I had a panic attack Sunday afternoon, it is the first one in some time, my life used to be bounded by them. When Maria and I first got together, we were both living in he most acute panic and anxiety, we felt like two children on a life raft in a typhoon, we just clung to each other. Once in awhile, the trauma, change, turmoil and joy of the past five or six years catches up with me. I get exhausted just thinking about my life, which felt like one of those car wrecks in the big action movies, it just came apart. I will always be putting it back together, perhaps the most creative challenge of my life.
Panic attacks are wicked things, mine can last a few days, they just take my breath away. When I started the blog, I swore to myself that I would write honestly and openly about fear because so many people feel it, especially in our fragmented and phobic culture. I’ve learned a lot about fear, I’ve dealt with it every day of my life, so has Maria. Fear is a killer of things, a smotherer of things. It cripples our thinking and our actions.
People will throw their lives and dreams away rather than risk failure or accept fear. Fear is a great killer of lives and spirits. I believe courage is to never let one’s actions be influenced by my fears, when I am afraid of something I know that it is usually something I need to do.
“I love the man that can smile in trouble,” wrote Thomas Paine, “that can gather strength from distress, and grow brave by reflection…” Me, too, that is the man I hope to be, that I sometimes am.

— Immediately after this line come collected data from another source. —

(* Write B := B_s(lambda). The beta-sets of eta(lambda, s) are the slices
   {q | e q + i \in B}, those of Phi_r(lambda, s) the preimages psi_k^-1(B).
   In both cases the coordinates (i, q) |-> e q + i, resp. (k, y) |-> psi_k(y),
   form a bijection from runner positions to Z, and they turn a shift by r on
   a runner of eta, resp. by e on a component of Phi, into a shift by e r in B,
   because psi_k(y - e) = psi_k(y) - e r.  So both sides say that a move by e r
   on the single beta-set B leads from B_s(lambda) to B_s(mu).  The condition
   on charges in a move is automatic: a move does not change the number of
   beads in a window containing the moved beads. *)

From mathcomp Require Import all_boot all_order all_algebra.
From mathcomp Require Import zify ring intdiv.
Import Order.TTheory GRing.Theory Num.Theory.
Local Open Scope ring_scope.

Lemma mem_zrange (L U x : int) : L <= U -> (x \in zrange L U) = (L <= x < U).
Proof.
move=> LU; apply/mapP/idP => [[k] | hx].
  by rewrite mem_iota => /andP[_ hk] ->; lia.
exists (absz (x - L)); last by lia.
by rewrite mem_iota; lia.
Qed.

Lemma zrange_uniq (L U : int) : uniq (zrange L U).
Proof. by rewrite map_inj_uniq ?iota_uniq // => a b /=; lia. Qed.

Lemma zrange_sorted (L U : int) : sorted <%R (zrange L U).
Proof.
apply: (homo_sorted (e := ltn)); last exact: iota_ltn_sorted.
by move=> a b /=; lia.
Qed.
(* Let $\varphi(z,x,y)$ satisfy conditions (C1), (C3), (C4), (C5) stated in the context. Assume that $\varphi(z,x,y)$ is twice continuously differentiable in $z$ for almost all $(x,y)\in\Omega\times\Omega$ and satisfies \[ \varphi''(z,x,y)\geq c_7z^{-2}\varphi(z,x,y),\qquad z>0, \] with a constant $c_7$ independent of $z,x,y$. Then $\varphi$ is uniformly convex in the following sense: for every $\varepsilon>0$ there exists $\delta\in(0,1)$ such that \[ \varphi\left(\frac{s+t}{2},x,y\right)\leq (1-\delta)\frac{\varphi(s,x,y)+\varphi(t,x,y)}{2} \] for almost all $(x,y)\in\Omega\times\Omega$ and all $s>0$, $t>0$ with $|s-t|\geq\varepsilon\max\{s,t\}$.
   Context: $\Omega\subseteq\mathbb{R}^d$ is a domain and $\varphi(z,x,y)\ge0$ on $\mathbb{R}_+\times\Omega\times\Omega$. Conditions: (C1) for each $u\in L_{1,loc}(\Omega)$ the function $\varphi(|u(x)-u(y)|,x,y)$ is measurable on $\Omega\times\Omega$; (C3) there are constants $1<p_-\le p_+$ and $\beta\ge1$ such that $r(t)=\varphi(t,x,y)/t^{p_-}$ satisfies $r(s)\le\beta r(t)$ and $r(t)=\varphi(t,x,y)/t^{p_+}$ satisfies $\beta r(s)\ge r(t)$ for all $0\le s\le t$, a.a. $(x,y)$; (C4) $c_1^{-1}\le\varphi(1,x,y)\le c_1$, $\varphi(0,x,y)=0$, $\varphi(t,x,y)>0$ for $t>0$, a.a. $(x,y)$; (C5) $\varphi$ is differentiable in $t>0$ and $0<t\varphi'(t,x,y)\le c_2\varphi(t,x,y)$ with a constant $c_2>1$. Derivatives $\varphi',\varphi''$ are with respect to the first variable. *)

From mathcomp Require Import all_boot all_order all_algebra.
From mathcomp Require Import all_classical all_reals all_analysis.
Import numFieldNormedType.Exports.
Import Order.TTheory GRing.Theory Num.Theory.

Set Implicit Arguments.
Unset Strict Implicit.
Unset Printing Implicit Defensive.

Local Open Scope classical_set_scope.
Local Open Scope ring_scope.

(* Points of R^n are row vectors 'rV[R]_n.  MathComp-Analysis has no
   Lebesgue measure on R^n, so we define the Lebesgue outer measure by
   covers with closed boxes, as in the textbook construction. *)

Definition in_box (R : realType) (n : nat) (a b : 'rV[R]_n) (z : 'rV[R]_n) : Prop :=
  forall i : 'I_n, a ord0 i <= z ord0 i <= b ord0 i.

Definition box_vol (R : realType) (n : nat) (a b : 'rV[R]_n) : R :=
  \prod_(i < n) Num.max 0 (b ord0 i - a ord0 i).
(* Consider a $(1+\varepsilon)$-adversarial sampling process (as in the context) on $k$ elements with $0<\varepsilon<1/2$ and initial weights normalized so that $\sum_{e\in E_0}w_0(e)=k$. Let $\ell_{max}$ be the largest $\ell\in\{1,2,\ldots,\lfloor |S_0|/2\rfloor\}$ that is bad, if such an $\ell$ exists, and $\ell_{max}=1$ otherwise. Then, for every realization of the process and every $i\in\{0,1,\ldots,k-1\}$, \[ \frac{w_i(E_i)}{k-i}\le 90\,\ell_{max}. \]
   Context: The $(1+\varepsilon)$-adversarial sampling process: initially there is a set $E_0$ of $k$ elements with nonnegative weights $w_0$. In round $i$, let $D_i$ be the distribution on $E_i$ with $\Pr_{D_i}(e)=w_i(e)/\sum_{e'\in E_i}w_i(e')$; an adversary chooses any distribution $D_i^\varepsilon$ on $E_i$ with $(1-\varepsilon)\Pr_{D_i}(e)\le\Pr_{D_i^\varepsilon}(e)\le(1+\varepsilon)\Pr_{D_i}(e)$ for all $e$; an element $e_{i+1}$ is sampled from $D_i^\varepsilon$ and $E_{i+1}=E_i\setminus\{e_{i+1}\}$; then the adversary chooses weights $0\le w_{i+1}(e)\le w_i(e)$ for $e\in E_{i+1}$. The adversary's choices may depend on the history. Notation: for $E\subseteq E_i$, $w_i(E)=\sum_{e\in E}w_i(e)$. For each $i$, partition $E_i=B_i\sqcup M_i\sqcup S_i$ where $e\in B_i$ iff $w_i(e)\ge 80$, $e\in M_i$ iff $2<w_i(e)<80$, and $e\in S_i$ iff $w_i(e)\le 2$. For $\ell\in\{1,\ldots,|S_0|\}$, $i_\ell$ is the smallest $i$ with $|S_i|=\ell$. An $\ell\in\{1,\ldots,\lfloor|S_0|/2\rfloor\}$ is called bad if both $w_{i_{2\ell}}(B_{i_{2\ell}})\le 8\ell$ and $w_{i_\ell}(B_{i_\ell})>4\ell$; otherwise it is good. *)

From HB Require Import structures.
From mathcomp Require Import all_boot all_order all_algebra.
Set Implicit Arguments. Unset Strict Implicit. Unset Printing Implicit Defensive.
Import Order.TTheory GRing.Theory Num.Theory.
Local Open Scope ring_scope.

(* A realization of the (1+eps)-adversarial sampling process
   on the finite ground set T (|T| = k):
   - e (i+1) : T is the element sampled in round i (i = 0..k-1);
   - w i : T -> R are the weights w_i (only their values on E_i matter);
   - p i : T -> R is the adversary's distribution D_i^eps in round i. *)

Section Process.
Variables (R : realFieldType) (T : finType).
Variables (e : nat -> T) (w : nat -> T -> R).

Definition Eset (i : nat) : {set T} :=
  [set x | x \notin [seq e j | j <- iota 1 i]].

Definition wsum (i : nat) (A : {set T}) : R := \sum_(x in A) w i x.

Definition Bset (i : nat) : {set T} := [set x in Eset i | 80%:R <= w i x].
Definition Mset (i : nat) : {set T} :=
  [set x in Eset i | (2%:R < w i x) && (w i x < 80%:R)].
Definition Sset (i : nat) : {set T} := [set x in Eset i | w i x <= 2%:R].

Definition is_first_idx (l i : nat) : Prop :=
  #|Sset i| = l /\ forall j, (j < i)%N -> #|Sset j| <> l.

Definition bad (l : nat) : Prop :=
  exists i1 i2, is_first_idx l i1 /\ is_first_idx (2 * l) i2 /\
    wsum i2 (Bset i2) <= (8 * l)%:R /\ (4 * l)%:R < wsum i1 (Bset i1).

Definition adv_realization (eps : R) (p : nat -> T -> R) : Prop :=
  (forall x, 0 <= w 0 x) /\
  forall i, (i < #|T|)%N ->
    [/\ e i.+1 \in Eset i,
        (forall x, x \in Eset i.+1 -> 0 <= w i.+1 x /\ w i.+1 x <= w i x) &
        (0 < wsum i (Eset i) ->
          [/\ forall x, x \in Eset i ->
                (1 - eps) * (w i x / wsum i (Eset i)) <= p i x /\
                p i x <= (1 + eps) * (w i x / wsum i (Eset i)),
              forall x, x \notin Eset i -> p i x = 0,
              \sum_(x in Eset i) p i x = 1 &
              0 < p i (e i.+1)])].

End Process.

From HB Require Import structures.
From mathcomp Require Import all_boot all_order all_algebra.
From mathcomp Require Import zify.
Import Order.TTheory GRing.Theory Num.Theory.
Local Open Scope ring_scope.

(* Every element of E_i outside B_i weighs less than 80, so
   w_i(E_i) <= w_i(B_i) + 80 (k - i), and it remains to show
   w_i(B_i) <= 8 lmax (k - i).  The weight of B is non-increasing in i, and
   |S_i| drops by at most one per round and ends at 0, so every l between
   |S_i| and |S_0| is hit at a first index i_l <= i.  Downward induction on l
   gives w_{i_l}(B_{i_l}) <= 4 l above the last bad value: if 2 l > |S_0| this
   follows from w_0(B_0) <= k <= 2 |S_0|, and otherwise the bound 8 l at
   i_{2l} and goodness of l give it.  Taking l = max(|S_i|, lmax + 1), which
   is at most max(k - i, 2 lmax), concludes.  Neither the sampling
   distributions nor eps play a role: the bound holds for any removal order
   with non-increasing weights. *)

Lemma ler_sum_subset [R : numDomainType] [I : finType] [A B : {set I}]
    (F : I -> R) :
  A \subset B -> (forall x, x \in B :\: A -> 0 <= F x) ->
  \sum_(x in A) F x <= \sum_(x in B) F x.
Proof.
move=> subAB F_ge0; rewrite [leRHS](big_setID A) /= (setIidPr subAB) lerDl.
exact: sumr_ge0.
Qed.

Lemma first_hit (f : nat -> nat) [l n] :
  (forall i, (f i <= (f i.+1).+1)%N) -> (l <= f 0)%N -> (f n <= l)%N ->
  exists2 i, (i <= n)%N & f i = l /\ forall j, (j < i)%N -> f j <> l.
Proof.
move=> f_stepS le_l_f0 le_fn_l.
have ex_le : exists i, (f i <= l)%N by exists n.
case: (ex_minnP ex_le) => i le_fi_l min_i.
have gt_before_i j : (j < i)%N -> (l < f j)%N.
  by move=> lt_ji; rewrite ltnNge; apply/negP => /min_i; lia.
exists i; first exact: min_i.
split=> [|j /gt_before_i]; last lia.
case: i le_fi_l gt_before_i {min_i} => [|i] le_fi_l gt_before_i; first lia.
have := gt_before_i i (ltnSn i); have := f_stepS i; lia.
Qed.

Section AdversarialProcess.
Variables (R : realFieldType) (T : finType) (e : nat -> T) (w : nat -> T -> R).

Local Notation E := (Eset e).
Local Notation B := (Bset e w).
Local Notation S := (Sset e w).
Local Notation wB i := (wsum w i (B i)).

Lemma EsetS i : E i.+1 = E i :\ e i.+1.
Proof.
apply/setP => x; rewrite in_setD1 !in_set -(addn1 i) iotaD map_cat mem_cat.
by rewrite add1n addn1 mem_seq1 negb_or andbC.
Qed.

Lemma in_EsetS i x : (x \in E i.+1) = (x != e i.+1) && (x \in E i).
Proof. by rewrite EsetS in_setD1. Qed.

Lemma Eset0 : E 0 = setT.
Proof. by apply/setP => x; rewrite !inE. Qed.

Hypothesis w0_ge0 : forall x, 0 <= w 0 x.
Hypothesis e_in_Eset : forall i, (i < #|T|)%N -> e i.+1 \in E i.
Hypothesis w_step : forall i, (i < #|T|)%N ->
  forall x, x \in E i.+1 -> w i.+1 x <= w i x.
Hypothesis wsum_E0 : wsum w 0 (E 0) = #|T|%:R.

Lemma in_Bset i x : (x \in B i) = (x \in E i) && (80%:R <= w i x).
Proof. by rewrite /Bset in_set. Qed.

Lemma in_Sset i x : (x \in S i) = (x \in E i) && (w i x <= 2%:R).
Proof. by rewrite /Sset in_set. Qed.

Lemma card_Eset i : (i <= #|T|)%N -> #|E i| = (#|T| - i)%N.
Proof.
elim: i => [|i IH] le_iT; first by rewrite Eset0 cardsT subn0.
have := cardsD1 (e i.+1) (E i).
rewrite e_in_Eset // IH ?(ltnW le_iT) // -EsetS; lia.
Qed.

Lemma Eset_eq0 i : (#|T| <= i)%N -> E i = set0.
Proof.
move=> /subnK <-; elim: (i - #|T|)%N => [|n IH].
  by apply/eqP; rewrite -cards_eq0 card_Eset // subnn.
by apply/eqP; rewrite addSn EsetS IH -subset0 subD1set.
Qed.

Lemma w_leS [i x] : x \in E i.+1 -> w i.+1 x <= w i x.
Proof.
case: (ltnP i #|T|) => [lt_iT | le_Ti]; first exact: w_step.
by rewrite Eset_eq0 ?inE //; apply: leqW.
Qed.

Lemma wB_leS i : wB i.+1 <= wB i.
Proof.
have subB : B i.+1 \subset B i.
  apply/subsetP => x; rewrite !in_Bset => /andP [Ex1 le80].
  have Ex : x \in E i by move: Ex1; rewrite in_EsetS => /andP [].
  by rewrite Ex (le_trans le80 (w_leS Ex1)).
apply: le_trans (ler_sum_subset (w i) subB _).
  by apply: ler_sum => x; rewrite in_Bset => /andP [Ex _]; apply: w_leS.
move=> x; rewrite in_setD (in_Bset i) => /andP [_ /andP [_ le80]].
exact: le_trans (ler0n _ 80) le80.
Qed.

Lemma wB_antitone [i j] : (i <= j)%N -> wB j <= wB i.
Proof.
apply: (homo_leq (f := fun i => wB i) (r := fun x y => y <= x)) => //.
- by move=> y x z le_yx le_zy; apply: le_trans le_zy le_yx.
- exact: wB_leS.
Qed.

Lemma card_Sset_leS i : (#|S i| <= #|S i.+1|.+1)%N.
Proof.
have subS : S i :\ e i.+1 \subset S i.+1.
  apply/subsetP => x; rewrite in_setD1 !in_Sset => /andP [ne_x /andP [Ex le2]].
  have Ex1 : x \in E i.+1 by rewrite in_EsetS ne_x.
  by rewrite Ex1 (le_trans (w_leS Ex1)).
rewrite (cardsD1 (e i.+1)) -add1n.
exact: leq_add (leq_b1 _) (subset_leq_card subS).
Qed.

Lemma card_Sset_T : #|S #|T| | = 0%N.
Proof.
apply/eqP; rewrite cards_eq0 -subset0.
by apply/subsetP => x; rewrite in_Sset Eset_eq0 ?inE.
Qed.

Lemma wB0_le : wB 0 <= #|T|%:R.
Proof.
rewrite -wsum_E0; apply: ler_sum_subset => [|x _]; last exact: w0_ge0.
by apply/subsetP => x; rewrite in_Bset => /andP [].
Qed.

Lemma card_T_le_Sset0 : (#|T| <= 2 * #|S 0|)%N.
Proof.
have heavy : (2 * #|~: S 0|)%:R <= (#|T|%:R : R).
  rewrite -wsum_E0 Eset0 natrM mulr_natr -sumr_const.
  apply: le_trans (ler_sum_subset (w 0) (subsetT _) _) => [|x _]; last first.
    exact: w0_ge0.
  apply: ler_sum => x; rewrite in_setC in_Sset Eset0 in_setT /= -ltNge.
  exact: ltW.
have := cardsC (S 0); rewrite ler_nat in heavy; lia.
Qed.

Lemma wsum_Eset_le i : wsum w i (E i) <= wB i + (80 * #|E i|)%:R.
Proof.
have subBE : B i \subset E i by apply/subsetP => x; rewrite in_Bset => /andP [].
rewrite /wsum (big_setID (B i)) /= (setIidPr subBE) lerD2l.
apply: (@le_trans _ _ (\sum_(x in E i :\: B i) (80%:R : R))).
  apply: ler_sum => x; rewrite in_setD in_Bset.
  by case: (x \in E i); rewrite ?andbT -?ltNge // => /ltW.
rewrite sumr_const natrM mulr_natr ler_wpMn2l // subset_leq_card //.
exact: subsetDl.
Qed.

Section GoodAbove.
Variable c : nat.
Hypothesis c_gt0 : (0 < c)%N.
Hypothesis good_from_c : forall l, (c <= l <= #|S 0| %/ 2)%N -> ~ bad e w l.

Lemma wB_le_of_card_Sset_le [l i] :
  (c <= l)%N -> (#|S i| <= l)%N -> wB i <= (4 * l)%:R.
Proof.
have [n] := ubnP (#|S 0| - l)%N; elim: n => // n IH in l i *.
move=> lt_n le_cl le_Si_l.
case: (ltnP #|S 0| (2 * l)) => [lt_S0_2l | le_2l_S0].
  apply: le_trans (wB_antitone (leq0n i)) _; apply: le_trans wB0_le _.
  by rewrite ler_nat; have := card_T_le_Sset0; lia.
have le_l_S0 : (l <= #|S 0|)%N by lia.
have le_ST_2l : (#|S #|T| | <= 2 * l)%N by rewrite card_Sset_T.
have [i1 le_i1i first1] := first_hit _ card_Sset_leS le_l_S0 le_Si_l.
have [i2 _ first2] := first_hit _ card_Sset_leS le_2l_S0 le_ST_2l.
have wB_i2 : wB i2 <= (4 * (2 * l))%:R.
  by apply: IH; [lia | lia | rewrite (proj1 first2)].
rewrite mulnA in wB_i2.
apply: le_trans (wB_antitone le_i1i) _; rewrite leNgt; apply/negP => gt_i1.
apply: (good_from_c l); first by rewrite le_cl leq_divRL //; lia.
by exists i1, i2.
Qed.

Lemma wsum_Eset_avg_le lmax i : (c <= 2 * lmax)%N -> (i < #|T|)%N ->
  wsum w i (E i) / (#|T| - i)%:R <= (90 * lmax)%:R.
Proof.
move=> le_c_2lmax lt_iT.
have cardE : #|E i| = (#|T| - i)%N by apply: card_Eset; apply: ltnW.
have le_Si_Ei : (#|S i| <= #|T| - i)%N.
  rewrite -cardE subset_leq_card //.
  by apply/subsetP => x; rewrite in_Sset => /andP [].
have wB_i := wB_le_of_card_Sset_le (leq_maxr #|S i| c) (leq_maxl #|S i| c).
rewrite ler_pdivrMr ?ltr0n ?subn_gt0 // -natrM.
apply: le_trans (wsum_Eset_le i) _; rewrite cardE.
apply: le_trans (lerD wB_i (lexx _)) _; rewrite -natrD ler_nat.
have m_gt0 : (0 < #|T| - i)%N by rewrite subn_gt0.
have lmax_gt0 : (0 < lmax)%N by lia.
have : (maxn #|S i| c <= 2 * lmax * (#|T| - i))%N.
  by rewrite geq_max; apply/andP; split; nia.
nia.
Qed.

End GoodAbove.
End AdversarialProcess.

Theorem lemma3 (R : realFieldType) (T : finType) (k : nat)
  (e : nat -> T) (w : nat -> T -> R) (p : nat -> T -> R) (eps : R)
  (lmax : nat) :
  #|T| = k ->
  0 < eps -> eps < 2^-1 ->
  adv_realization e w eps p ->
  wsum w 0 (Eset e 0) = k%:R ->
  ((bad e w lmax /\ (1 <= lmax <= #|Sset e w 0| %/ 2)%N /\
     (forall l, (lmax < l <= #|Sset e w 0| %/ 2)%N -> ~ bad e w l))
   \/
   ((forall l, (1 <= l <= #|Sset e w 0| %/ 2)%N -> ~ bad e w l) /\ lmax = 1%N)) ->
  forall i, (i < k)%N ->
    wsum w i (Eset e i) / (k - i)%:R <= (90 * lmax)%:R.
Proof.
move=> <- _ _ [w0_ge0 step] wsum_E0 lmax_spec i lt_iT.
have e_in_Eset j : (j < #|T|)%N -> e j.+1 \in Eset e j.
  by move=> /step [].
have w_step j : (j < #|T|)%N ->
    forall x, x \in Eset e j.+1 -> w j.+1 x <= w j x.
  by move=> /step [_ w_le _] x /w_le [].
have avg_le := @wsum_Eset_avg_le R T e w w0_ge0 e_in_Eset w_step wsum_E0.
case: lmax_spec => [[_ [/andP [lmax_gt0 _] good]] | [good ->]].
- by apply: (avg_le lmax.+1 _ good) => //; lia.
- exact: (avg_le 1%N _ good).
Qed.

We live in a great system of fear. We are afraid to leave our paychecks, our IRA’s, our mortgages, our pensions and retirement funds, our dreams and our passions, work that we love, peace of mind and freedom. We admire the leap of faith, but cannot always make it. We are told every day that subjugation is responsibility, that fear is the toll we pay for our health care, our ticket to security. I look around me and see everywhere, slaves to fear, people pushed into hollow lives, told every day their dreams are not practical, our world is too complex and expensive.
But they are never told that living in fear is a choice, not a sentence.
I have learned to study fear to death, to think it down to size. I can never run away from fear, I will never completely control or fully suppress it. I can understand it and think about it, learn from it, consider, look in squarely in the eye and said to it, “you are not in charge of me, you are a ghost, mist in the morning, echoes in the brain, just another shirt to wear sometimes.”
When I am afraid, I get up, I read a book, I write something, take a beautiful photo, look at the incontrovertible evidence that life can be beautiful, free and filled with fulfillment. I love a man that can smile at fear.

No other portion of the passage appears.